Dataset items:

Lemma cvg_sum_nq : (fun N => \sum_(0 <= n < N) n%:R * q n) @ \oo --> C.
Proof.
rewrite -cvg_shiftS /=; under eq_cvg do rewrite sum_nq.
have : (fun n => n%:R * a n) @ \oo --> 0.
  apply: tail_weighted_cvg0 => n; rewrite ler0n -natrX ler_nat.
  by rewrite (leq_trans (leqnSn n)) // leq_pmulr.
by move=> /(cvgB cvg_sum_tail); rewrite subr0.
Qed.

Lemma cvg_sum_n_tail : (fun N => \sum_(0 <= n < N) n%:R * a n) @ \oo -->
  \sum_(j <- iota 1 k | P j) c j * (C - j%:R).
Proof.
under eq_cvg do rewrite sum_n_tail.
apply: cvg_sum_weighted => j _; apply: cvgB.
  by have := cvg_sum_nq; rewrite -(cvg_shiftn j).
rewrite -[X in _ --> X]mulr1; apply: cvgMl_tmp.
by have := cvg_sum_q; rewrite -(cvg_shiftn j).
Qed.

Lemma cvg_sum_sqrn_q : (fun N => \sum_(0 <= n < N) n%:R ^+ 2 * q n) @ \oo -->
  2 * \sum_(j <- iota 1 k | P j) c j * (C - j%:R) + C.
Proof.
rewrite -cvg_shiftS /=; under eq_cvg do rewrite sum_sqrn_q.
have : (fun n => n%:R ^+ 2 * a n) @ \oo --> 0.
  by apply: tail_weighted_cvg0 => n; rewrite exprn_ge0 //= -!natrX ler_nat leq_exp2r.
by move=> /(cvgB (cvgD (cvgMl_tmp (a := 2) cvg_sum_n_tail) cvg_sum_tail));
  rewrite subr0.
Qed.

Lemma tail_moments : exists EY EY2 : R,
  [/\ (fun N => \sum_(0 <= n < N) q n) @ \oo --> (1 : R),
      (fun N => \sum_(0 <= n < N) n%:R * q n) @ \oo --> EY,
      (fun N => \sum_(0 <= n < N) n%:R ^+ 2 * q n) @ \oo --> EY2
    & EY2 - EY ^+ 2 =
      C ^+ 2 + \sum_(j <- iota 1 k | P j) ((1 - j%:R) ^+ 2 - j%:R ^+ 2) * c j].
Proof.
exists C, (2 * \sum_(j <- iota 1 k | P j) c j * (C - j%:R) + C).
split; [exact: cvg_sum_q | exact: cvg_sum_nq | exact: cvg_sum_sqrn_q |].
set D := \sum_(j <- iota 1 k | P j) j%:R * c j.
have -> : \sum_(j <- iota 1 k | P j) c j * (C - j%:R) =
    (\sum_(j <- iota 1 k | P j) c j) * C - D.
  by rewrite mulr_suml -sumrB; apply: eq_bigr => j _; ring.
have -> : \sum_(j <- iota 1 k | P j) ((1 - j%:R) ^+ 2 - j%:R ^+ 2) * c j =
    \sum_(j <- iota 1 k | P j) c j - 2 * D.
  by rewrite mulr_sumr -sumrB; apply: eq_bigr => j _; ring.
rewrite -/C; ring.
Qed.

---

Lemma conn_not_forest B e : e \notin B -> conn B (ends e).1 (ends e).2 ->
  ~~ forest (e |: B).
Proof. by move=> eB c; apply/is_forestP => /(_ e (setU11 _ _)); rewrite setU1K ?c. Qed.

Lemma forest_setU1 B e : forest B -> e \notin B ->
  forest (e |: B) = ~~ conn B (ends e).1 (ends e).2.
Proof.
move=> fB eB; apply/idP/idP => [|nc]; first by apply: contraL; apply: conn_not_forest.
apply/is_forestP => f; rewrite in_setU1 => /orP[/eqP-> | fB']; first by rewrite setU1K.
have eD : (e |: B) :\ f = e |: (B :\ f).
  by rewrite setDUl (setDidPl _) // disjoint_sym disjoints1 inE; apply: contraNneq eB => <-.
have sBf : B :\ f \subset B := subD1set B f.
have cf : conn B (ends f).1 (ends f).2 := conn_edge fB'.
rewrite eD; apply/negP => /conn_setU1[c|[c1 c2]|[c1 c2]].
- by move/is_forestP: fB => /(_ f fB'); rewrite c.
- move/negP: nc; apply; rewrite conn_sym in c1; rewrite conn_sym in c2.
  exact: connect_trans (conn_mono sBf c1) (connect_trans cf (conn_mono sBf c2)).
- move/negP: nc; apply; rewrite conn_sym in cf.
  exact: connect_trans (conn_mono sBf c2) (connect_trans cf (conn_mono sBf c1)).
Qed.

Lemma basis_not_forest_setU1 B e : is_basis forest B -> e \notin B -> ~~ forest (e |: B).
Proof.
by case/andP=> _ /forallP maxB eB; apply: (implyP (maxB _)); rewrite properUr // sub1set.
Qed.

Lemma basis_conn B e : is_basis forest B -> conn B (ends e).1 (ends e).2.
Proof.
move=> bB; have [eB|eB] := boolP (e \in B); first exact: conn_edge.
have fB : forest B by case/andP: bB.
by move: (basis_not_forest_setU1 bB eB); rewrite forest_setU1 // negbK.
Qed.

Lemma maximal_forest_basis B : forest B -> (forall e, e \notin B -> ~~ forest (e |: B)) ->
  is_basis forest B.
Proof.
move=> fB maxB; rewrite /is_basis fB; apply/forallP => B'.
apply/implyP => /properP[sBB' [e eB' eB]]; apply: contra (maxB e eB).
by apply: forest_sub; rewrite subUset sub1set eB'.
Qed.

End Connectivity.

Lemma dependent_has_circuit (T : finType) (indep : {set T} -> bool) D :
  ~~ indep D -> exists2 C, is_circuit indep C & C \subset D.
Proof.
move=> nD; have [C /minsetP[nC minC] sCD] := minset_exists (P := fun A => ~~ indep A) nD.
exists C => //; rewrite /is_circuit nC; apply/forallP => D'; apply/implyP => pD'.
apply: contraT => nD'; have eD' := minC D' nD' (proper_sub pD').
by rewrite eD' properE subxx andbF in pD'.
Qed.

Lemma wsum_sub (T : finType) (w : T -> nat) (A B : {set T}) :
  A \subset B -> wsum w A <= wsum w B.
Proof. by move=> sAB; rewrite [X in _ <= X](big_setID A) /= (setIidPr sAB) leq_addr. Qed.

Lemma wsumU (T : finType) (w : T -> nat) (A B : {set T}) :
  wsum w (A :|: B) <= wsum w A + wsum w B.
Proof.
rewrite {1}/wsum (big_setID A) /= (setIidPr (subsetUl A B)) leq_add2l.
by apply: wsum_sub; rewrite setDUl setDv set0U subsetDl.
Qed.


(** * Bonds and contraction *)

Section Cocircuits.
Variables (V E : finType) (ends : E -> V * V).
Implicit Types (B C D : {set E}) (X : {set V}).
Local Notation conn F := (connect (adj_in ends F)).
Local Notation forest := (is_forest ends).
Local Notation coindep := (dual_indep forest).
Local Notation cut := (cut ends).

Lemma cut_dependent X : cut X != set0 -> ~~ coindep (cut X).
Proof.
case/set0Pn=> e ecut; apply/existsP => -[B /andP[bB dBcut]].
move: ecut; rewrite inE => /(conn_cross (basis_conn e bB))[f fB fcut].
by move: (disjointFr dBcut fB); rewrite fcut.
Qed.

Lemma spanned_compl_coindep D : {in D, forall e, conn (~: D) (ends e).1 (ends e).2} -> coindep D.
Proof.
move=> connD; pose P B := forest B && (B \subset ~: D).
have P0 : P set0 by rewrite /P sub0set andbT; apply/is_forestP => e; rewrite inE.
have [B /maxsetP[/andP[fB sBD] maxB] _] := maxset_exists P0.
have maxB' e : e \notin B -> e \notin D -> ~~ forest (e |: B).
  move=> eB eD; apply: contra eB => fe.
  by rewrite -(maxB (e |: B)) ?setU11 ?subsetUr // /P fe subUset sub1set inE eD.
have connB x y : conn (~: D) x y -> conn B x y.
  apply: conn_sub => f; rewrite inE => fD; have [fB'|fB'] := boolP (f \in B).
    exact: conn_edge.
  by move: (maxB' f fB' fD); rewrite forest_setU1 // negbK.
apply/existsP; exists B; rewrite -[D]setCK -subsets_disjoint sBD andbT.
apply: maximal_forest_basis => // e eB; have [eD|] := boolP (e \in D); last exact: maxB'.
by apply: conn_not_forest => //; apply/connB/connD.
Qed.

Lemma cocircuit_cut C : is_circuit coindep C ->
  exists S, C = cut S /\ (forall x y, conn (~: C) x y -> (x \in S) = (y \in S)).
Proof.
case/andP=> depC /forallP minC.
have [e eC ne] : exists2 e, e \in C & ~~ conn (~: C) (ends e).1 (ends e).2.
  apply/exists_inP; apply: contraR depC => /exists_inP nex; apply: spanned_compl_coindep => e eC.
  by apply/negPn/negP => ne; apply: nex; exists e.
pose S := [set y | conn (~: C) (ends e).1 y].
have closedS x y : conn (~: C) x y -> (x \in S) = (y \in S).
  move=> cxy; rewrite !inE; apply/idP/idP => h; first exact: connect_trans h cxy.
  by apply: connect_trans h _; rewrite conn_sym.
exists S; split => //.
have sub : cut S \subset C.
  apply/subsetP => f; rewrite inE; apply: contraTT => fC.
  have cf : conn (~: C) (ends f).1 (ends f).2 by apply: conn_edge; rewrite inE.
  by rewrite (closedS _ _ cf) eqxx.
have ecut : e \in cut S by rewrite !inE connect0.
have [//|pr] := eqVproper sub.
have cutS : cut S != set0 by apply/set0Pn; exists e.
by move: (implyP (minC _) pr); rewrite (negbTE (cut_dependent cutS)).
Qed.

---

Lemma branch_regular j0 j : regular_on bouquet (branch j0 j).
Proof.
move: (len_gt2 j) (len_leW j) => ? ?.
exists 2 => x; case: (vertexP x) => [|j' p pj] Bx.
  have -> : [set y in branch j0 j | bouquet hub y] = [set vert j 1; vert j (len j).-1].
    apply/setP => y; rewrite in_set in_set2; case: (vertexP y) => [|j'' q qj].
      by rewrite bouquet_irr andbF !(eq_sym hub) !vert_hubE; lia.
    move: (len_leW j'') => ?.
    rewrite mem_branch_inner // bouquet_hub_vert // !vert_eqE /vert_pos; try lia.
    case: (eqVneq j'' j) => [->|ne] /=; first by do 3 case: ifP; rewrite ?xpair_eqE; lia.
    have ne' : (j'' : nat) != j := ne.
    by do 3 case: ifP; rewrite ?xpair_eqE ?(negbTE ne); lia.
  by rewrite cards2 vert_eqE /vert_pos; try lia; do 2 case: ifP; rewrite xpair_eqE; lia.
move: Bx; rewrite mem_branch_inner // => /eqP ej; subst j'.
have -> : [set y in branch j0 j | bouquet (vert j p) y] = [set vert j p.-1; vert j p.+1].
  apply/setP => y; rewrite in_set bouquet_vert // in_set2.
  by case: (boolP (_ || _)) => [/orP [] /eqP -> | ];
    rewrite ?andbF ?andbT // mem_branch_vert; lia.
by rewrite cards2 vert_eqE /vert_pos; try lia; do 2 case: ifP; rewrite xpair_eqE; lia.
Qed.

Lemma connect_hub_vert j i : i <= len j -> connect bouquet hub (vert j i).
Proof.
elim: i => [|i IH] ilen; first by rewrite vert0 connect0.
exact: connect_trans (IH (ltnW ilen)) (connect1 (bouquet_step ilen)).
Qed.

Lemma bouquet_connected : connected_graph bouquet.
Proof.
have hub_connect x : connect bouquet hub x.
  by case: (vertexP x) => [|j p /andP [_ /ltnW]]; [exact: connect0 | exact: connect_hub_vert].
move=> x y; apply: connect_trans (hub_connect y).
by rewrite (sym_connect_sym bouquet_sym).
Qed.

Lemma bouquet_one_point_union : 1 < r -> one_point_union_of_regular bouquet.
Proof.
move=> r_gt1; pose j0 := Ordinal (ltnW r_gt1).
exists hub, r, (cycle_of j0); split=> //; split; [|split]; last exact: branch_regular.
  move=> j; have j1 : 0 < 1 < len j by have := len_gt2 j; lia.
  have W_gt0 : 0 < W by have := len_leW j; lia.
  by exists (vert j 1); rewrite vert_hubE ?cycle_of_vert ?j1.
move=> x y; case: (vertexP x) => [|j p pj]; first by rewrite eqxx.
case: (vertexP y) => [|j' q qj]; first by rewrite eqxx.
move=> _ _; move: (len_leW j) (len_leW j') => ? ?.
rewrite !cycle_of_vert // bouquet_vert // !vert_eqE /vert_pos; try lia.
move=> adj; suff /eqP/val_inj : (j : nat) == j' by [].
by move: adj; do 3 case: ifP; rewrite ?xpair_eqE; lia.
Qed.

● **Task brief**: Please write out, exactly as they appear above, only the lines in the stretch from the line with "Lemma dependent_has_circuit (T" through the line with "A B)) leq_add2l.".

● **Problem solution**:
Lemma dependent_has_circuit (T : finType) (indep : {set T} -> bool) D :
  ~~ indep D -> exists2 C, is_circuit indep C & C \subset D.
Proof.
move=> nD; have [C /minsetP[nC minC] sCD] := minset_exists (P := fun A => ~~ indep A) nD.
exists C => //; rewrite /is_circuit nC; apply/forallP => D'; apply/implyP => pD'.
apply: contraT => nD'; have eD' := minC D' nD' (proper_sub pD').
by rewrite eD' properE subxx andbF in pD'.
Qed.

Lemma wsum_sub (T : finType) (w : T -> nat) (A B : {set T}) :
  A \subset B -> wsum w A <= wsum w B.
Proof. by move=> sAB; rewrite [X in _ <= X](big_setID A) /= (setIidPr sAB) leq_addr. Qed.

Lemma wsumU (T : finType) (w : T -> nat) (A B : {set T}) :
  wsum w (A :|: B) <= wsum w A + wsum w B.
Proof.
rewrite {1}/wsum (big_setID A) /= (setIidPr (subsetUl A B)) leq_add2l.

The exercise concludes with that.